Every so often EF would stop abruptly in the middle of a sentence and silently move his slides up and down looking for something, then start a whole new sentence, without stopping the up-and-down movement of the slides.

But the clincher, the payoff after this painful exercise?

EF had no conclusions. His team was still analyzing the data, but so far it appeared that there was no change at all from the well-established phenomenon.

Now, in many fields, showing that a well-established phenomenon applies beyond the boundaries of the previous experiments is a valuable contribution. But in this case the expansion from $P_1$ to $P_2$ was trivial at best.

At this point, and about four minutes over time, EF invited the audience to ask questions. There were no takers, so EF asked one of the audience members (presumably an acquaintance) what he thought of some minor detail that EF had actually not talked about. The audience member said something noncommittal, and EF pressed the point, trying to get a discussion going. The rest of the audience was packed and ready to leave, but EF paid them as much attention during this failed attempt at a dialog as he had during his failed attempt at a presentation.

I was told later by another attendee that this presentation was not atypical for EF.

(Suggestions for improvement? I wrote a post about preparing presentations before.)

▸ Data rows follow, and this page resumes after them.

Theorem theorem3 (n : nat) (hn : (2 <= n)%N) (hodd : odd n) :
  exists F : profile n -> {set {perm agent n}},
    mechanism F /\ resolute F /\ symmetric_mech F.
Proof.
exists (fun p => [set canonical_matching p]); split; [|split].
- by move=> p pp mu /set1P ->; apply: canonical_matching_matching.
- by move=> p _; rewrite cards1.
- move=> p phi _ phiG.
  by rewrite /set_conj imset_set1 perm_conjE canonical_matchingJ.
Qed.
(* Let $0<q<\infty$ and $\frac{q}{q+1}<p<\infty$, and let $r=\frac{pq}{pq+p-q}$. Then $$\frac{\sin_{p,q}x}{x}<\left(\frac{p+r\cos_{p,q}^p x}{p+r}\right)^{1/q} \quad \text{for all } x\in\left(0,\tfrac{\pi_{p,q}}{2}\right),$$ and $$\frac{\sinh_{p,q}x}{x}<\left(\frac{p+r\cosh_{p,q}^p x}{p+r}\right)^{1/q} \quad \text{for all } x\in\left(0,\tfrac{\pi_{r,q}}{2}\right).$$
   Context: For $0<q<\infty$ and $\frac{q}{q+1}<p<\infty$: let $F_{p,q}(y)=\int_0^y (1-t^q)^{-1/p}\,dt$ for $y\in[0,1)$ and $\pi_{p,q}=2\int_0^1(1-t^q)^{-1/p}\,dt\in(0,\infty]$ (it equals $\infty$ when $p\le 1$). The function $\sin_{p,q}:[0,\pi_{p,q}/2)\to[0,1)$ is the inverse of $F_{p,q}$ and $\cos_{p,q}x=\frac{d}{dx}\sin_{p,q}x$. Let $G_{p,q}(y)=\int_0^y(1+t^q)^{-1/p}\,dt$ for $y\in[0,\infty)$; its range is $[0,\pi_{r,q}/2)$ with $r=\frac{pq}{pq+p-q}$ (which also satisfies $\frac{q}{q+1}<r<\infty$). The function $\sinh_{p,q}:[0,\pi_{r,q}/2)\to[0,\infty)$ is the inverse of $G_{p,q}$ and $\cosh_{p,q}x=\frac{d}{dx}\sinh_{p,q}x$. *)

From Stdlib Require Import Reals ClassicalEpsilon.
From Coquelicot Require Import Coquelicot.
Open Scope R_scope.

(* real power x^a for x >= 0 (with 0^a = 0, used only for a > 0 at x = 0) *)
Definition rpow (x a : R) : R := if Rlt_dec 0 x then Rpower x a else 0.

Definition F_pq (p q y : R) : R :=
  RInt (fun t => rpow (1 - rpow t q) (- (1 / p))) 0 y.

Definition G_pq (p q y : R) : R :=
  RInt (fun t => rpow (1 + rpow t q) (- (1 / p))) 0 y.

(* pi_{p,q}/2 = \int_0^1 (1-t^q)^(-1/p) dt in [0,+oo], i.e. sup_{y in [0,1)} F_{p,q}(y)
   (integrand nonnegative, so the improper integral is this supremum). *)
Definition half_pi_pq (p q : R) : Rbar :=
  Lub_Rbar (fun z => exists y, 0 <= y < 1 /\ z = F_pq p q y).

Definition sin_pq (p q x : R) : R :=
  epsilon (inhabits 0) (fun y => 0 <= y < 1 /\ F_pq p q y = x).

Definition cos_pq (p q x : R) : R := Derive (sin_pq p q) x.

(* sinh_{p,q} = inverse of G_{p,q} : [0,oo) -> [0, pi_{r,q}/2) *)
Definition sinh_pq (p q x : R) : R :=
  epsilon (inhabits 0) (fun y => 0 <= y /\ G_pq p q y = x).

Definition cosh_pq (p q x : R) : R := Derive (sinh_pq p q) x.

Definition r_pq (p q : R) : R := p * q / (p * q + p - q).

Coda: An unfair comparison, perhaps?

MTT is a performing artist, a showman by profession. The presentation he delivered was designed by a support team of graphic artists, cinematographers, writers: it fits within the education efforts of the San Francisco Symphony. MTT's audience is mostly there for entertainment and positively predisposed towards the celebrity presenter. His material is naturally multi-media, interactive, and pleasant, requiring very little effort on the audience part to process it. And, let's not forget, the presentation event itself was a team effort -- MTT is not operating the video screen or the teleprompter at his feet.

EF is a researcher and a professor. His presentation was designed by him, an untrained presenter (obvious from the talk), and delivered to an academic audience: hard to impress, critical, and possibly even hostile. His material is technical, dry, and requires significant effort (even in the best circumstances) to process and follow. He didn't have a teleprompter (though he could have speaker notes had he chosen to) nor a presentation support team.

So, yes, it seems that I'm being unfair in my comparison.

Except that there were, in that very same conference, three keynote speakers with equally dry, non-multimedia, hard to process material, who did a great job. They varied a lot in style and delivery but all made their points clear and memorable, kept their presentations moving along, and didn't use their projected materials as a crutch.

Above all, they had something interesting and important to say, they knew precisely what it was, and they made sure the audience understood it.